● Problem:
Scan the material below for "ltngtP", then return each line that contains it.
'''
Lemma mult_seqS m D : mult_seq m D.+1 = mult_seq m D ++ nseq (m D) D.
Proof. by rewrite /mult_seq -addn1 iotaD map_cat flatten_cat /= cats0. Qed.

Lemma count_mult_seq m D u : count_mem u (mult_seq m D) = if u < D then m u else 0.
Proof.
elim: D => // D IH; rewrite mult_seqS count_cat IH count_nseq /= ltnS.
by case: (ltngtP u D) => [||->]; rewrite ?eqxx; lia.
Qed.

Lemma mem_mult_seq m D x : x \in mult_seq m D -> x < D.
Proof. by rewrite -has_pred1 has_count count_mult_seq; case: ifP. Qed.

Lemma sumn_mult_seq (phi : nat -> nat) m D :
  sumn (map phi (mult_seq m D)) = \sum_(v < D) phi v * m v.
Proof.
rewrite -(@sum_mul_count _ D); last by apply/allP => x /mem_mult_seq.
by apply: eq_bigr => v _; rewrite count_mult_seq ltn_ord.
Qed.

Lemma size_mult_seq m D : size (mult_seq m D) = \sum_(v < D) m v.
Proof.
elim: D => [|D IH]; first by rewrite big_ord0.
by rewrite mult_seqS size_cat IH size_nseq big_ord_recr.
Qed.

Lemma sum_suffix_sums (F : nat -> nat) K :
  \sum_(i < K.+1) \sum_(i <= t < K) F t = \sum_(t < K) t.+1 * F t.
Proof.
elim: K => [|K IH]; first by rewrite big_ord1 big_geq // big_ord0.
rewrite big_ord_recr /= big_geq // addn0.
rewrite (eq_bigr (fun i : 'I_K.+1 => \sum_(i <= t < K) F t + F K)); last first.
  by move=> i _; rewrite big_nat_recr //=; exact: ltnSE (ltn_ord i).
by rewrite big_split /= IH sum_nat_const card_ord big_ord_recr /= mulnC.
Qed.

Lemma telescope_nonincr (g : nat -> nat) i K : (forall t, g t.+1 <= g t) -> i <= K ->
  g i = g K + \sum_(i <= t < K) (g t - g t.+1).
Proof.
move=> g_nonincr; elim: K => [|K IH] le_iK.
  by move: le_iK; rewrite leqn0 => /eqP ->; rewrite big_geq ?addn0.
case: (ltngtP i K.+1) le_iK => [lt_iK _|//|-> _]; last by rewrite big_geq // addn0.
rewrite big_nat_recr //= IH //; have := g_nonincr K; lia.
Qed.

Section Partition.
Variable n : nat.
Implicit Types (l : partn n) (d : nat).

Lemma partsP l : [/\ size (parts l) = n, sorted geq (parts l) & sumn (parts l) = n].
Proof.
case: l => t t_part; case/andP: (t_part) => t_sorted /eqP t_sum; rewrite /parts /=.
by split; rewrite ?size_map ?size_tuple ?sumnE ?big_map.
Qed.

Lemma parts_inj : injective (@parts n).
Proof. by move=> l1 l2 /(inj_map val_inj) /val_inj /val_inj. Qed.

Lemma leq_lam l i j : i <= j -> lam l j <= lam l i.
Proof. by case: (partsP l) => _ parts_sorted _; apply: sorted_geq_nth. Qed.

Lemma lam_leqn l i : lam l i <= n.
Proof.
case: (partsP l) => parts_size _ parts_sum; rewrite /lam.
have [lt_i|le_i] := ltnP i (size (parts l)); last by rewrite nth_default.
by rewrite -[X in _ <= X]parts_sum leq_sumn_mem ?mem_nth.
Qed.

Lemma ncolsP l d : ncols l = d -> d <= n /\ {in gtn n, forall i, (i < lam l i) = (i < d)}.
Proof.
by apply: count_iota_downclosed => i /=; have := leq_lam l (leqnSn i); lia.
Qed.

Lemma ncols_lam_geq l d i : ncols l = d -> i < d -> d <= lam l i.
Proof.
case/ncolsP => le_dn lamE lt_id; have := lamE d.-1; rewrite inE ltn_predL.
have := leq_lam l (_ : i <= d.-1); lia.
Qed.

Lemma ncols_lam_leq l d i : ncols l = d -> d <= i -> lam l i <= d.
Proof.
case/ncolsP => le_dn lamE le_di; have [lt_dn|le_nd] := ltnP d n.
  by have := lamE d lt_dn; have := leq_lam l le_di; rewrite ltnn; lia.
by rewrite /lam nth_default //; case: (partsP l) => -> _ _; lia.
Qed.

Lemma ncols_tail_leq l d x : ncols l = d -> x \in drop d (parts l) -> x <= d.
Proof.
move=> ncols_d /(nthP 0) [j _ <-]; rewrite nth_drop.
exact: ncols_lam_leq ncols_d (leq_addr _ _).
Qed.

Lemma take_parts l d : d <= n -> take d (parts l) = [seq lam l i | i <- iota 0 d].
Proof.
case: (partsP l) => parts_size _ _ le_dn.
apply: (@eq_from_nth _ 0); first by rewrite size_takel ?parts_size // size_map size_iota.
move=> i; rewrite size_takel ?parts_size // => lt_id.
by rewrite nth_take // (nth_map 0) ?size_iota // nth_iota.
Qed.

Variable k : nat.
Local Notation d := k.+1.

(* Below the Durfee square all parts are at most d, so y_d counts the parts equal to d. *)
Lemma colpos_lastE l : ncols l = d ->
  colpos l k = (count_mem d (drop d (parts l)) < lam l k - d).
Proof.
move=> ncols_d; have [le_dn _] := ncolsP ncols_d.
rewrite /colpos /frx /fry; congr (_ < _).
rewrite /conjp -{1}(cat_take_drop d (parts l)) count_cat take_parts // count_map.
rewrite (@count_iota_prefix _ d d) // => [|i /[!inE] lt_id /=]; last first.
  by have := ncols_lam_geq ncols_d lt_id; lia.
rewrite addKn; apply: eq_in_count => x /(ncols_tail_leq ncols_d) /=; lia.
Qed.

Lemma last_blockP l : ncols l = d ->
  k \in last_block l /\ {in last_block l, forall j, colpos l j = colpos l k}.
Proof.
move=> ncols_d; rewrite /last_block ncols_d; split=> [|j]; rewrite mem_filter mem_iota.
  by rewrite subSnn /= eqxx ltnSn.
move=> /andP [/allP same_sign /andP [_ lt_jd]].
have j_in : j \in iota j (d - j) by rewrite mem_iota; lia.
exact: (eqP (same_sign j j_in)).
Qed.

Lemma last_block_posE l : ncols l = d -> last_block_pos l = colpos l k.
Proof.
case/last_blockP => k_last same_sign; rewrite /last_block_pos.
have -> : (last_block l != [::]) by case: (last_block l) k_last.
apply/allP/idP => [|pos_k j /same_sign ->] //; exact.
Qed.

Lemma last_block_negE l : ncols l = d -> last_block_neg l = ~~ colpos l k.
Proof.
case/last_blockP => k_last same_sign; rewrite /last_block_neg.
have -> : (last_block l != [::]) by case: (last_block l) k_last.
have colnegE j : colneg l j = ~~ colpos l j by rewrite /colneg /colpos -leqNgt.
apply/allP/idP => [|neg_k j /same_sign]; first by move/(_ k k_last); rewrite colnegE.
by rewrite colnegE => ->.
Qed.

End Partition.

Section Truncation.
Variable R : comNzRingType.
Implicit Types p q : {poly R}.

Lemma take_polyMl m p q : take_poly m (take_poly m p * q) = take_poly m (p * q).
Proof.
by rewrite -[in RHS](poly_take_drop m p) mulrDl take_polyD mulrAC take_polyMXn_0 addr0.
Qed.

Lemma take_polyM_1subXn m e p : 0 < e -> take_poly m (p * (1 - 'X^(e * m))) = take_poly m p.
Proof.
move=> e_gt0; rewrite mulrBr mulr1 linearB /= -(prednK e_gt0) mulSn addnC exprD mulrA.
by rewrite take_polyMXn_0 subr0.
Qed.

Lemma take_polyM_prod_1subXn m (I : finType) (e : I -> nat) p :
  (forall i, 0 < e i) -> take_poly m (p * \prod_i (1 - 'X^(e i * m))) = take_poly m p.
Proof.
move=> e_gt0; elim/big_rec: _ => [|i q _ IH]; first by rewrite mulr1.
by rewrite mulrA -take_polyMl take_polyM_1subXn // take_polyMl IH.
Qed.

End Truncation.

Local Open Scope ring_scope.

Lemma sum_pair_mul (R : pzSemiRingType) (A B : finType) (F : A -> R) (G : B -> R) :
  \sum_(p : A * B) F p.1 * G p.2 = (\sum_a F a) * (\sum_b G b).
Proof. by rewrite -(pair_bigA _ (fun a b => F a * G b)) big_distrlr. Qed.

Lemma take_gen_trunc (T : finType) (w : T -> nat) (a : nat -> nat) N :
  (forall t, (0 < w t)%N) -> (forall i, (0 < i < N)%N -> a i = #|[pred t | w t == i]|) ->
  take_poly N (gen_trunc a N) = take_poly N (\sum_t 'X^(w t)).
Proof.
move=> w_gt0 aE; apply/polyP => i; rewrite !coef_take_poly; case: ltnP => // lt_iN.
rewrite /gen_trunc !coef_sum; under eq_bigr do rewrite coefZ coefXn.
under [RHS]eq_bigr do rewrite coefXn.
have [->|i_gt0] := posnP i.
  rewrite [RHS]big1 => [|t _]; last by rewrite eq_sym eqn0Ngt w_gt0.
  rewrite big_nat_cond big1 // => j /andP [/andP [j_gt0 _] _].
  by rewrite eq_sym eqn0Ngt j_gt0 mulr0.
rewrite (bigD1_seq i) ?mem_index_iota ?i_gt0 ?iota_uniq //= eqxx mulr1 big1 ?addr0.
  rewrite aE ?i_gt0 // -natr_sum -sum1_card big_mkcond /=; congr _%:R.
  by apply: eq_bigr => t _; rewrite inE eq_sym; case: eqP.
by move=> j /negbTE; rewrite eq_sym => ->; rewrite mulr0.
Qed.
Local Close Scope ring_scope.

Definition ffun0 m N (f : {ffun 'I_m -> 'I_N}) (i : nat) : nat :=
  if insub i is Some j then nat_of_ord (f j) else 0.

Lemma ffun0E m N (f : {ffun 'I_m -> 'I_N}) (i : 'I_m) : ffun0 f i = f i.
Proof. by rewrite /ffun0 valK. Qed.

(* For d = k + 1, a code c stores gap_(i+1) in c.1.1 i, the multiplicity of i + 1 below the
   Durfee square in c.1.2 i, and the pair (s, t) in c.2; pos is the sign of column d. *)
Section Code.
Variables (k M : nat) (pos : bool).
Local Notation d := k.+1.
Local Notation N := M.+1.

Definition code := (({ffun 'I_k -> 'I_N} * {ffun 'I_k -> 'I_N}) * ('I_N * 'I_N))%type.
Implicit Type c : code.

Definition code_x c : nat := if pos then c.2.1 + 1 + c.2.2 else c.2.1.
Definition code_y c : nat := if pos then c.2.1 : nat else c.2.1 + c.2.2.

Definition weight c : nat := d * d + \sum_(i < k) i.+1 * c.1.1 i
  + \sum_(i < k) i.+1 * c.1.2 i + d * (code_x c + code_y c).

Lemma weight_gt0 c : 0 < weight c.
Proof. by rewrite /weight -!addnA addn_gt0 muln_gt0. Qed.

Definition code_row c i : nat := d + code_x c + \sum_(i <= t < k) ffun0 c.1.1 t.

(* the multiplicity of v, for 0 < v <= d, below the Durfee square *)
Definition code_mult c v : nat := if v == d then code_y c else ffun0 c.1.2 v.-1.

Lemma code_row_nonincr c : {homo code_row c : i j / i <= j >-> j <= i}.
Proof.
apply: (@homo_leq _ _ (fun a b => b <= a)) => [//|y x z|i] /=; first lia.
rewrite /code_row leq_add2l; have [lt_ik|le_ki] := ltnP i k.
  by rewrite [X in _ <= X]big_ltn // leq_addl.
by rewrite !big_geq //; lia.
Qed.

Lemma code_row_geq c i : d <= code_row c i.
Proof. by rewrite /code_row -addnA leq_addr. Qed.

Lemma code_row_last c : code_row c k = d + code_x c.
Proof. by rewrite /code_row big_geq ?addn0. Qed.

Lemma sum_code_rows c :
  \sum_(i < d) code_row c i = d * (d + code_x c) + \sum_(i < k) i.+1 * c.1.1 i.
Proof.
rewrite big_split sum_nat_const card_ord sum_suffix_sums /=; congr (_ + _).
by apply: eq_bigr => i _; rewrite ffun0E.
Qed.

Lemma sum_code_mult c :
  \sum_(v < d) v.+1 * code_mult c v.+1 = \sum_(i < k) i.+1 * c.1.2 i + d * code_y c.
Proof.
rewrite big_ord_recr /= /code_mult eqxx; congr (_ + _).
by apply: eq_bigr => i _; rewrite eqSS ltn_eqF // ffun0E.
Qed.

Section Partitions.
Variable n : nat.
Hypothesis le_nM : n <= M.

(* the multiplicity of 0 pads the partition to n parts *)
Definition code_mult0 c v : nat :=
  if v == 0 then n - d - \sum_(u < d) code_mult c u.+1 else code_mult c v.

Definition code_parts c : seq nat :=
  [seq code_row c i | i <- iota 0 d] ++ sort geq (mult_seq (code_mult0 c) d.+1).

Definition encode (l : partn n) : code :=
  let tail := drop d (parts l) in
  let x := lam l k - d in
  let y := count_mem d tail in
  (([ffun i : 'I_k => inord (lam l i - lam l i.+1)],
    [ffun i : 'I_k => inord (count_mem i.+1 tail)]),
   (inord (if pos then y else x), inord (if pos then x - y.+1 else y - x))).

Definition tuple_of_seq (s : seq nat) : n.-tuple 'I_n.+1 := [tuple inord (nth 0 s i) | i < n].

Lemma sumn_code_parts c : sumn (code_parts c) = weight c.
Proof.
rewrite sumn_cat sumnE big_map -[iota 0 d]/(index_iota 0 d) big_mkord sum_code_rows.
rewrite (perm_sumn (permEl (perm_sort _ _))) -[mult_seq _ _]map_id sumn_mult_seq.
rewrite big_ord_recl mul0n add0n.
rewrite (eq_bigr (fun v : 'I_d => v.+1 * code_mult c v.+1)) // sum_code_mult /weight.
by rewrite !mulnDr; lia.
Qed.

Section Encode.
Variable l : partn n.
Hypotheses (ncols_d : ncols l = d) (colpos_k : colpos l k = pos).
Local Notation tail := (drop d (parts l)).

Lemma size_tail : size tail = n - d.
Proof. by rewrite size_drop; case: (partsP l) => ->. Qed.

Lemma tail_small : all (gtn d.+1) tail.
Proof. by apply/allP => y /(ncols_tail_leq ncols_d). Qed.

Lemma encode_gap (i : 'I_k) : (encode l).1.1 i = lam l i - lam l i.+1 :> nat.
Proof.
by rewrite ffunE inordK // ltnS (leq_trans (leq_subr _ _)) // (leq_trans (lam_leqn l i)).
Qed.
'''
● Exercise response:
by case: (ltngtP u D) => [||->]; rewrite ?eqxx; lia.
case: (ltngtP i K.+1) le_iK => [lt_iK _|//|-> _]; last by rewrite big_geq // addn0.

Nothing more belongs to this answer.